2.6 & 2.7 & 7.1,7.2, 7.3

Which bases pair up?

A + T, G + C

Outline DNA nucleotide structure in terms of sugar (deoxyribose), base and phosphate

A nucleotide is made of the sugar deoxyribose, a base (which can be either adenine, guanine, cytosine or thymine) and a phosphate group. Below is a representation of a nucleotide.

Discuss the relationship between one gene and one polypeptide.

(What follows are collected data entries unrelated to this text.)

Definition is_gradient (n : nat) (f : 'cV[R]_n -> R) (g : 'cV[R]_n) (z : 'cV[R]_n) : Prop :=
  forall eps : R, 0 < eps -> exists2 del : R, 0 < del &
    forall h : 'cV[R]_n, enorm h < del ->
      `| f (z + h) - f z - (g^T *m h) 0 0 | <= eps * enorm h.

Definition qeval (n : nat) (x : 'cV[R]_n) (c : R) (g : 'cV[R]_n) (H : 'M[R]_n)
  (y : 'cV[R]_n) : R :=
  c + (g^T *m (y - x)) 0 0 + 2^-1 * (((y - x)^T *m H) *m (y - x)) 0 0.

(* gradient of q at y (H symmetric): g + H (y - x) *)
Definition qgrad (n : nat) (x : 'cV[R]_n) (g : 'cV[R]_n) (H : 'M[R]_n)
  (y : 'cV[R]_n) : 'cV[R]_n := g + H *m (y - x).

Definition mfn_interp (n p : nat) (x : 'cV[R]_n) (y : 'I_p -> 'cV[R]_n)
  (v : 'I_p -> R) (c : R) (g : 'cV[R]_n) (H : 'M[R]_n) : Prop :=
  [/\ H^T = H,
      (forall i, qeval x c g H (y i) = v i) &
      (forall c' g' H', H'^T = H' -> (forall i, qeval x c' g' H' (y i) = v i) ->
         4^-1 * frob2 H <= 4^-1 * frob2 H')].

Definition shat (n p : nat) (x : 'cV[R]_n) (Delta : R) (y : 'I_p -> 'cV[R]_n)
  (i : 'I_p) : 'cV[R]_n := Delta^-1 *: (y i - x).

Definition Mhat (n p : nat) (x : 'cV[R]_n) (Delta : R) (y : 'I_p -> 'cV[R]_n)
  : 'M[R]_(p, 1 + n) :=
  \matrix_(i < p) row_mx (1 : 'M[R]_1) (shat x Delta y i)^T.

Definition Phat (n p : nat) (x : 'cV[R]_n) (Delta : R) (y : 'I_p -> 'cV[R]_n)
  : 'M[R]_p :=
  \matrix_(i, j) (2^-1 * (((shat x Delta y i)^T *m shat x Delta y j) 0 0) ^+ 2).

Definition Fhat (n p : nat) (x : 'cV[R]_n) (Delta : R) (y : 'I_p -> 'cV[R]_n)
  : 'M[R]_(p + (1 + n)) :=
  block_mx (Phat x Delta y) (Mhat x Delta y) (Mhat x Delta y)^T 0.

End Defs.

From HB Require Import structures.
From mathcomp Require Import all_boot all_order all_algebra.
From mathcomp Require Import reals.
From mathcomp Require Import classical_sets functions topology normedtype derive.
From mathcomp Require Import ring lra zify.
Set Implicit Arguments. Unset Strict Implicit. Unset Printing Implicit Defensive.
Import Order.TTheory GRing.Theory Num.Theory.
Import numFieldNormedType.Exports.
Local Open Scope classical_set_scope.
Local Open Scope ring_scope.

(* Let r_i := f(y_i) - f(x) - grad f(x)^T (y_i - x) be the first-order Taylor
   residuals at the sample points; a Lipschitz gradient gives
   |r_i| <= L/2 (beta Delta)^2.  A symmetric interpolating Hessian has minimal
   Frobenius norm iff it is Frobenius-orthogonal to the Hessians of all
   symmetric quadratics vanishing at the points, so the minimum Frobenius norm
   interpolant is linear in the data and exact on affine data; since Fhat is
   invertible it is unique, hence m = f(x) + grad f(x)^T (. - x) + sum_i r_i l_i.
   The value error is then at most sum_i |r_i| |l_i(y)| plus the Taylor
   residual at y.  For the gradient, a quadratic bounded by Lam on the ball has
   its linear part bounded by Lam and, by polarization, its Hessian form by
   8 Lam, so its gradient has norm at most 9 Lam / Delta there; this controls
   sum_i r_i grad l_i(y), while the Lipschitz constant controls
   grad f(y) - grad f(x). *)

Section Euclidean.
Variables (R : realType) (n : nat).
Implicit Types (u v w : 'cV[R]_n).

Definition dot u v : R := \sum_i u i 0 * v i 0.

Lemma dotE u v : (u^T *m v) 0 0 = dot u v.
Proof. by rewrite !mxE; apply: eq_bigr => i _; rewrite mxE. Qed.

Lemma dotC u v : dot u v = dot v u.
Proof. by apply: eq_bigr => i _; rewrite mulrC. Qed.

Lemma dotDl u v w : dot (u + v) w = dot u w + dot v w.
Proof. by rewrite /dot -big_split; apply: eq_bigr => i _; rewrite mxE mulrDl. Qed.

Lemma dotZl (a : R) u w : dot (a *: u) w = a * dot u w.
Proof. by rewrite /dot mulr_sumr; apply: eq_bigr => i _; rewrite mxE mulrA. Qed.

Lemma dotNl u w : dot (- u) w = - dot u w.
Proof. by rewrite -scaleN1r dotZl mulN1r. Qed.

Lemma dotBl u v w : dot (u - v) w = dot u w - dot v w.
Proof. by rewrite dotDl dotNl. Qed.

Lemma dot0l w : dot 0 w = 0.
Proof. by rewrite -(scale0r 0) dotZl mul0r. Qed.

Lemma dotDr u v w : dot w (u + v) = dot w u + dot w v.
Proof. by rewrite dotC dotDl !(dotC w). Qed.

Lemma dotZr (a : R) u w : dot w (a *: u) = a * dot w u.
Proof. by rewrite dotC dotZl dotC. Qed.

Lemma dotNr u w : dot w (- u) = - dot w u.
Proof. by rewrite dotC dotNl dotC. Qed.

Lemma dotBr u v w : dot w (u - v) = dot w u - dot w v.
Proof. by rewrite dotDr dotNr. Qed.

Lemma dot0r w : dot w 0 = 0.
Proof. by rewrite dotC dot0l. Qed.

Lemma dot_suml (I : finType) (F : I -> 'cV[R]_n) w :
  dot (\sum_i F i) w = \sum_i dot (F i) w.
Proof.
by elim/big_rec2: _ => [|i a b _ IH]; rewrite ?dot0l // dotDl IH.
Qed.

Lemma dot_sumr (I : finType) (F : I -> 'cV[R]_n) w :
  dot w (\sum_i F i) = \sum_i dot w (F i).
Proof. by rewrite dotC dot_suml; apply: eq_bigr => i _; rewrite dotC. Qed.

Lemma dotvv_ge0 u : 0 <= dot u u.
Proof. by apply: sumr_ge0 => i _; rewrite -expr2 sqr_ge0. Qed.

Lemma dotvv_eq0 u : dot u u = 0 -> u = 0.
Proof.
move=> uu0; apply/matrixP => i j; rewrite (ord1 j) mxE.
have /eqP : u i 0 * u i 0 = 0.
  by apply: (psumr_eq0P _ uu0) => // k _; rewrite -expr2 sqr_ge0.
by rewrite mulf_eq0 orbb => /eqP.
Qed.

Lemma enormE u : enorm u = Num.sqrt (dot u u).
Proof. by rewrite /enorm /dot; congr Num.sqrt; apply: eq_bigr => i _; rewrite expr2. Qed.

Lemma enorm_ge0 u : 0 <= enorm u.
Proof. by rewrite enormE sqrtr_ge0. Qed.

Lemma enorm0 : enorm (0 : 'cV[R]_n) = 0.
Proof. by rewrite enormE dot0l sqrtr0. Qed.

Lemma sqr_enorm u : enorm u ^+ 2 = dot u u.
Proof. by rewrite enormE sqr_sqrtr // dotvv_ge0. Qed.

Lemma enorm_le u (d : R) : 0 <= d -> (enorm u <= d) = (dot u u <= d ^+ 2).
Proof.
by move=> d_ge0; rewrite enormE -{1}(ger0_norm d_ge0) -sqrtr_sqr ler_sqrt ?sqr_ge0.
Qed.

A polypeptide is formed by amino acids liking together through peptide bonds. There are 20 different amino acids so a wide range of polypeptides are possible. Genes store the information required for making polypeptides. The information is stored in a coded form by the use of triplets of bases which form codons. The sequence of bases in a gene codes for the sequence of amino acids in a polypeptide. The information in the genes is decoded during transcription and translation leading to protein synthesis.

What bond is formed to link nucleotides together?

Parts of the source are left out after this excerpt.